▶ [Requirement] Print the data below exactly, but only the lines from the one containing "t (bmnm l))" down to the one containing "From mathcomp Require Import ring zify.", inclusive.

▶ [Data section]

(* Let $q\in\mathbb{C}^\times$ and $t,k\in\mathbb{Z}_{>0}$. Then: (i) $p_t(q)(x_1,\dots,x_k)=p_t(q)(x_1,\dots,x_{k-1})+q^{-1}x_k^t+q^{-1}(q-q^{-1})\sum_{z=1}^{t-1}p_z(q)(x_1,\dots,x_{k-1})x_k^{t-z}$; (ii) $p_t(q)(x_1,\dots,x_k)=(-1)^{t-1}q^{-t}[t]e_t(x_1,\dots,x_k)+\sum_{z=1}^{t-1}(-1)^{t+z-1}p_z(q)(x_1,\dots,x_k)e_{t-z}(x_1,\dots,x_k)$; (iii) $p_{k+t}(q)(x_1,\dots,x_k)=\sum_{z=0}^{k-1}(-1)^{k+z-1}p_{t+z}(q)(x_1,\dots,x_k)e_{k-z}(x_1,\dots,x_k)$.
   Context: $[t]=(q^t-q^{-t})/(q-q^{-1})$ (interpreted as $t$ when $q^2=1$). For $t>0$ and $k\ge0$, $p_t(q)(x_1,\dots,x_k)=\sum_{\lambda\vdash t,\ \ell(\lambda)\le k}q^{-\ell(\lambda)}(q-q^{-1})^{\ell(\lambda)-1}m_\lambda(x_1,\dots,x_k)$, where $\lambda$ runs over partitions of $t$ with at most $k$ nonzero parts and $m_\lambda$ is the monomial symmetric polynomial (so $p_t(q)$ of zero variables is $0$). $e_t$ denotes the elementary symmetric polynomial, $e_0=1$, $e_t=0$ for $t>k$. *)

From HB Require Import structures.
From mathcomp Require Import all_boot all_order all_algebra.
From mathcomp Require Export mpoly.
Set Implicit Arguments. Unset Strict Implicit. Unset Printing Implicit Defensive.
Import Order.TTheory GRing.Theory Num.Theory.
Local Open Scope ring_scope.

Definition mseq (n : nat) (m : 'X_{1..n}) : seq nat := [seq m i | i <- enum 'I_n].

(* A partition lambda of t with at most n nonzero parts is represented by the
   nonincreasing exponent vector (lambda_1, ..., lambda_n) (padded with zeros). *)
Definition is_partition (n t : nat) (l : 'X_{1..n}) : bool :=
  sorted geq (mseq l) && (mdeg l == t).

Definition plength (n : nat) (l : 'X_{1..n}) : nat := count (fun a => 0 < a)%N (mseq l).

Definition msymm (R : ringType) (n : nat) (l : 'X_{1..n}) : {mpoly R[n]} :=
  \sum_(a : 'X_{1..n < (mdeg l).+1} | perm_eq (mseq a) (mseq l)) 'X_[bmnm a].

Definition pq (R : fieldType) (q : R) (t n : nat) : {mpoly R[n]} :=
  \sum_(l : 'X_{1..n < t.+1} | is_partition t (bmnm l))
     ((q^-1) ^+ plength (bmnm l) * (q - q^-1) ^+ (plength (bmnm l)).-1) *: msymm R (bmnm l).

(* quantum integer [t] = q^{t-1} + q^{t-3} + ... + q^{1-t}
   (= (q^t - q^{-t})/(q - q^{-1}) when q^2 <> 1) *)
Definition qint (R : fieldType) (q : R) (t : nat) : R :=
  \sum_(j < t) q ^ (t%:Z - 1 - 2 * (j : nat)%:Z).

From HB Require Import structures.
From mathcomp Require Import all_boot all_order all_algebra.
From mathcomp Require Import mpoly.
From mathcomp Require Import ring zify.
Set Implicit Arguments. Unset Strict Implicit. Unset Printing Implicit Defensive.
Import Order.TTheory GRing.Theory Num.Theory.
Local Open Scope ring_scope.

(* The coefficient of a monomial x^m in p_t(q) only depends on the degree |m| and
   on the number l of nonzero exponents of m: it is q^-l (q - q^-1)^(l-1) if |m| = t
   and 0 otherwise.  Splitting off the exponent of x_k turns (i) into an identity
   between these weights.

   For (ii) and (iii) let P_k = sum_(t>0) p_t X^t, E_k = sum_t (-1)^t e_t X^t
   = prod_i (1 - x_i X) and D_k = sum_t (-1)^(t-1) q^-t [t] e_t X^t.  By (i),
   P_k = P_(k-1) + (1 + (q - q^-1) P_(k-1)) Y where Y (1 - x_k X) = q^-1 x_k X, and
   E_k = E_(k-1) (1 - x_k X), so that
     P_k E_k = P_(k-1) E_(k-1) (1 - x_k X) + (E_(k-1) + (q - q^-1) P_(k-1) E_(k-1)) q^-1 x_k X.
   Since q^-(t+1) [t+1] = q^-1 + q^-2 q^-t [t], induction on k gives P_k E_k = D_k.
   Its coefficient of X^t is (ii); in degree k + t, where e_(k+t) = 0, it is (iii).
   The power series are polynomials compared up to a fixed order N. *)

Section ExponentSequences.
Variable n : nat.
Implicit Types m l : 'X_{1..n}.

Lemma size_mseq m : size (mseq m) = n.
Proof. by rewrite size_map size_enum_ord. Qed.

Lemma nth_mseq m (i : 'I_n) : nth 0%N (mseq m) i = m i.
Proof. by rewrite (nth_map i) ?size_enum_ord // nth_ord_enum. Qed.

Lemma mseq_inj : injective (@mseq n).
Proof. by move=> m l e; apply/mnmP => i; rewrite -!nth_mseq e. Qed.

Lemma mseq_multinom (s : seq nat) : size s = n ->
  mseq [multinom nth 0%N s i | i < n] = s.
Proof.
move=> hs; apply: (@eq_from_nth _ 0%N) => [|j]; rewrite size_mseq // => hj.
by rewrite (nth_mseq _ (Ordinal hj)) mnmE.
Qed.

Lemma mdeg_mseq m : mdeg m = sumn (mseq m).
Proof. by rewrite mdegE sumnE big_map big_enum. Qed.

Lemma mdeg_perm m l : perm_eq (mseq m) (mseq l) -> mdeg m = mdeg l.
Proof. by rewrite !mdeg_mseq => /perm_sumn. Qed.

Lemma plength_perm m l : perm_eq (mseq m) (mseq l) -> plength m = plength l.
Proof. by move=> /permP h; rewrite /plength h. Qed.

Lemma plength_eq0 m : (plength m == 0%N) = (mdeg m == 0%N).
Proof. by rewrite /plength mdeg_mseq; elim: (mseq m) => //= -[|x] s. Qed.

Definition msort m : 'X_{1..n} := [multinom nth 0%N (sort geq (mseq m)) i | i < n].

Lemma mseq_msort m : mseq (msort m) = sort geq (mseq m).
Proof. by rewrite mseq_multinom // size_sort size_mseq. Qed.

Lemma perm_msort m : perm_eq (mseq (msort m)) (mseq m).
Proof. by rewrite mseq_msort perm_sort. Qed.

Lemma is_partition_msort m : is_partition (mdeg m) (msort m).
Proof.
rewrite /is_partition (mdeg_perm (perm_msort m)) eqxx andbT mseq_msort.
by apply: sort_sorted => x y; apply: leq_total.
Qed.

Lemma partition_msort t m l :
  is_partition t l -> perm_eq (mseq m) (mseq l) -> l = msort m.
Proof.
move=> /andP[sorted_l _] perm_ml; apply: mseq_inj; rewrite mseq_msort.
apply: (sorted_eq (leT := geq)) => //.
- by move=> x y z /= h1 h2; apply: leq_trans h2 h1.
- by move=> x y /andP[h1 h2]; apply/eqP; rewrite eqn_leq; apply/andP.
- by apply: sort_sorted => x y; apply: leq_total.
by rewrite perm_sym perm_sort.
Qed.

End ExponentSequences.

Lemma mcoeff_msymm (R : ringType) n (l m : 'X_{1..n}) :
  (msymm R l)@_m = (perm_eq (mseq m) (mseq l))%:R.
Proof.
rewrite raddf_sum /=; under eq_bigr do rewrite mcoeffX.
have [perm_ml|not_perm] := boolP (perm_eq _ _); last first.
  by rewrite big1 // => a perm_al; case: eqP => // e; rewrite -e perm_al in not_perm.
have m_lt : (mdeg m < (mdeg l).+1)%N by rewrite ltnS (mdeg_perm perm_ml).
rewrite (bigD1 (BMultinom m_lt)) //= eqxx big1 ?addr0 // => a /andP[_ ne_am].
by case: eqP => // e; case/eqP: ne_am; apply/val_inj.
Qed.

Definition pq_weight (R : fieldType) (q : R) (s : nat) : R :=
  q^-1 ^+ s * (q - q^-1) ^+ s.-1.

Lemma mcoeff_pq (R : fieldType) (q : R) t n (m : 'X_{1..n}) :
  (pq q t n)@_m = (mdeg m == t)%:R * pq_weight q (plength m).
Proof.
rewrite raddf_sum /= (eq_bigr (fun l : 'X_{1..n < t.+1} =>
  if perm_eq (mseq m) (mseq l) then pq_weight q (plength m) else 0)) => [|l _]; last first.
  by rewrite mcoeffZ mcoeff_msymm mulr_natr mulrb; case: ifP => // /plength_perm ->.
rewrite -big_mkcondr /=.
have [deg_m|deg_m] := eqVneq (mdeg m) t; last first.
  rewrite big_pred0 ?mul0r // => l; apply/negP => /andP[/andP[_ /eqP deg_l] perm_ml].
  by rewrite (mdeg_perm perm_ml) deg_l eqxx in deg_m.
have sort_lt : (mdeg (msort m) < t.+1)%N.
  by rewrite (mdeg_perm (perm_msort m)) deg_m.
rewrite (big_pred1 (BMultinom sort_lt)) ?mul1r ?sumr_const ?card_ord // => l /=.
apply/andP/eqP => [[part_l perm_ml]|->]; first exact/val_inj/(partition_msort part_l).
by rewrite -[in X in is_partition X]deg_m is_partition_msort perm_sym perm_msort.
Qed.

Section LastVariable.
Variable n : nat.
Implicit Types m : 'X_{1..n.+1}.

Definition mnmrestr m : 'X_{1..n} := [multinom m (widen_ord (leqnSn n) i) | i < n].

▶ [Task result]
  \sum_(l : 'X_{1..n < t.+1} | is_partition t (bmnm l))
     ((q^-1) ^+ plength (bmnm l) * (q - q^-1) ^+ (plength (bmnm l)).-1) *: msymm R (bmnm l).

(* quantum integer [t] = q^{t-1} + q^{t-3} + ... + q^{1-t}
   (= (q^t - q^{-t})/(q - q^{-1}) when q^2 <> 1) *)
Definition qint (R : fieldType) (q : R) (t : nat) : R :=
  \sum_(j < t) q ^ (t%:Z - 1 - 2 * (j : nat)%:Z).

From HB Require Import structures.
From mathcomp Require Import all_boot all_order all_algebra.
From mathcomp Require Import mpoly.
From mathcomp Require Import ring zify.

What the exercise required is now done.